Тот опрометью метнулся вниз, от усердия едва не загремев по ступенькам.
– А теперь с тобой разговор будет, Федор Борисович, – повернулся я к Годунову. – Вижу, что удивлен ты моими речами, потому придется кое-что объяснить, но потом.
Федор оставался на месте, набычившись и сурово глядя на меня исподлобья.
– Так ты, выходит, и впрямь… – медленно протянул он.
– Впрямь, – кивнул я.
Он горько усмехнулся:
– А пошто спасал тогда?
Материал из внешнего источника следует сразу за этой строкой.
(* Assume product-form weights $w^t_i=u(i)v(m_t)$. Let $x_{1:n}\in\mathcal X^n$ and let $2\le t\le n-1$ be such that $x_t\in\mathcal A_{t-1}$ (an old symbol) and $x_{t+1}\notin\mathcal A_t$ (a new symbol). Let $x'_{1:n}$ be the sequence obtained from $x_{1:n}$ by swapping $x_t$ and $x_{t+1}$. Then $R^{\vec\beta^*}_S(x'_{1:n}) > R^{\vec\beta^*}_S(x_{1:n})$. Consequently, among all orderings of a fixed multiset of symbols, the redundancy $R^{\vec\beta^*}_S$ is maximized by an ordering in which all $m$ distinct symbols appear in the first $m$ positions.
   Context: Let $\mathcal X$ be a finite base alphabet. For $x_{1:n}\in\mathcal X^n$, let $n_i$ be the number of occurrences of $i$, $\mathcal A=\{x_1,\dots,x_n\}$, $m=|\mathcal A|$; for $0\le t\le n$, $\mathcal A_t=\{x_1,\dots,x_t\}$ ($\mathcal A_0=\emptyset$), $m_t=|\mathcal A_t|$, $n^t_i$ the count of $i$ in $x_{1:t}$. Product-form weights: $u:\mathcal X\to(0,\infty)$, $v:\{0,1,\dots\}\to(0,\infty)$ with $w^t_i:=u(i)v(m_t)$ and $\sum_{k\in\mathcal X\setminus\mathcal A_t}w^t_k\le1$. Adaptive model: $\beta^*_t:=m_t/\ln\frac{t+1}{m_t}$ for $t\ge1$, $\beta^*_0\in(0,\infty)$ fixed; $S^{\vec\beta^*}(x_{t+1}=i\mid x_{1:t})=n^t_i/(t+\beta^*_t)$ if $n^t_i>0$ and $\beta^*_t w^t_i/(t+\beta^*_t)$ if $n^t_i=0$; $S^{\vec\beta^*}(x_{1:n})=\prod_{t=0}^{n-1}S^{\vec\beta^*}(x_{t+1}\mid x_{1:t})$. Redundancy $R^{\vec\beta^*}_S(x_{1:n}):=\ln\big(n^{-n}\prod_{j\in\mathcal A}n_j^{n_j}\big)-\ln S^{\vec\beta^*}(x_{1:n})$. Natural logarithms. *)

From Stdlib Require Import Reals Lra Lia List Permutation.
Import ListNotations.
Open Scope R_scope.

Section Adaptive.
Context {X : Type} (eq_dec : forall a b : X, {a = b} + {a <> b}).

Definition ndistinct (l : list X) : nat := length (nodup eq_dec l).

Definition cnt (l : list X) (i : X) : nat := count_occ eq_dec l i.

(* beta*_t, where the prefix p = x_{1:t} has length t *)
Definition beta_star (beta0 : R) (p : list X) : R :=
  match length p with
  | O => beta0
  | S _ => INR (ndistinct p) / ln (INR (length p + 1) / INR (ndistinct p))
  end.

(* S^{beta*}(x_{t+1} = i | x_{1:t}), prefix p = x_{1:t}, t = length p,
   with product-form weight w^t_i = u(i) v(m_t) *)
Definition cond_prob (u : X -> R) (v : nat -> R) (beta0 : R)
  (p : list X) (i : X) : R :=
  let t := INR (length p) in
  let b := beta_star beta0 p in
  if (0 <? cnt p i)%nat
  then INR (cnt p i) / (t + b)
  else b * (u i * v (ndistinct p)) / (t + b).

Definition seq_prob (u : X -> R) (v : nat -> R) (beta0 : R) (x : list X) : R :=
  fold_right Rmult 1
    (map (fun t => match nth_error x t with
                   | Some i => cond_prob u v beta0 (firstn t x) i
                   | None => 1
                   end) (seq 0 (length x))).

Definition ml_prob (x : list X) : R :=
  fold_right Rmult 1 (map (fun j => INR (cnt x j) ^ cnt x j) (nodup eq_dec x))
  / INR (length x) ^ length x.

Definition redundancy (u : X -> R) (v : nat -> R) (beta0 : R) (x : list X) : R :=
  ln (ml_prob x) - ln (seq_prob u v beta0 x).

Definition new_weight_sum (enum : list X) (u : X -> R) (v : nat -> R)
  (p : list X) : R :=
  fold_right Rplus 0
    (map (fun k => u k * v (ndistinct p))
       (filter (fun k => if in_dec eq_dec k p then false else true) enum)).

End Adaptive.

(* swap the entries at 0-based positions k and k+1 *)
Fixpoint swap_at {X : Type} (k : nat) (l : list X) : list X :=
  match k, l with
  | O, a :: b :: r => b :: a :: r
  | S k', a :: r => a :: swap_at k' r
  | _, _ => l
  end.

From Stdlib Require Import Reals List Permutation Lra Lia.
Import ListNotations.
Open Scope R_scope.

(* Write beta_fun n m = m / ln (n / m), so that after a nonempty
   prefix of length t with m distinct symbols the adaptive parameter is
   beta_fun (t + 1) m.  Let a be an old symbol and b a new one at positions t, t+1.
   Both orders emit the same multiset, so the maximum-likelihood term and every
   later factor of the sequential probability agree (the predictor depends on a
   prefix only through its multiset); only the two factors at positions t, t+1
   differ.  Comparing them reduces to the real inequality [beta_swap_ineq],
   proved from ln (1 + 1/n) < 1/n and ln ((n+1)/(m+1)) < ln (n/m).  Hence the
   order (old, new) has strictly larger probability, i.e. the order (new, old)
   has strictly larger redundancy: this is part 1.  For part 2 we pick a
   redundancy maximiser among the finitely many rearrangements of x; by part 1
   it contains no adjacent (old, new) pair, and every such sequence lists its
   distinct symbols first. *)

Definition beta_fun (n m : R) : R := m / ln (n / m).

Lemma ln_gt0 (y : R) : 1 < y -> 0 < ln y.
Proof. intro Hy. rewrite <- ln_1. apply ln_increasing; lra. Qed.

Lemma ratio_gt1 (n m : R) : 0 < m -> m < n -> 1 < n / m.
Proof.
  intros Hm Hmn. apply (Rmult_lt_reg_r m); [exact Hm|].
  unfold Rdiv. rewrite Rmult_assoc, Rinv_l; lra.
Qed.

Lemma ln_ratio_pos (n m : R) : 0 < m -> m < n -> 0 < ln (n / m).
Proof. intros. apply ln_gt0, ratio_gt1; assumption. Qed.

Lemma beta_fun_pos (n m : R) : 0 < m -> m < n -> 0 < beta_fun n m.
Proof. intros. apply Rdiv_lt_0_compat; [assumption|apply ln_ratio_pos; assumption]. Qed.

(* One more symbol without a new one: ln ((n+1)/m) - ln (n/m) = ln (1 + 1/n) < 1/n. *)
Lemma ln_ratio_succ_num (n m : R) : 0 < m -> 0 < n ->
  ln ((n + 1) / m) < ln (n / m) + 1 / n.
Proof.
  intros Hm Hn.
  assert (Hexp : 1 + 1 / n < exp (1 / n)).
  { apply exp_ineq1. apply Rgt_not_eq, Rdiv_lt_0_compat; lra. }
  rewrite <- (ln_exp (1 / n)) at 1.
  rewrite <- ln_mult by (try apply exp_pos; apply Rdiv_lt_0_compat; lra).
  apply ln_increasing; [apply Rdiv_lt_0_compat; lra|].
  replace ((n + 1) / m) with (n / m * (1 + 1 / n)) by (field; lra).
  apply Rmult_lt_compat_l; [apply Rdiv_lt_0_compat|]; lra.
Qed.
Жаль взяла?
– Знаешь, сейчас не время и не место для объяснений, так что давай-ка ты в свою опочивальню, чтоб никто не мешал, да соберись с мыслями, – мягко заметил я. – Помнишь, как я учил? Если хочешь получить правильные ответы, научись правильно спрашивать. Вот и подготовься, а то у меня тут дел уйма, а времени до обедни – увы.
Оставшись в трапезной, я потер виски, пытаясь собраться с мыслями и сосредоточиться на предстоящих делах, чтобы ничего не упустить.
Но вначале предстояло дать распоряжение о должном лечении Архипушки – того самого мальчишки-альбиноса, который единственный кинулся спасать сына своего государя, и о достойном погребении Квентина.
Я направился к шотландцу, чтоб еще раз мысленно попросить прощения за плохие мысли о нем, но дойти не успел.
– А ведь он живой… – раздалось изумленное.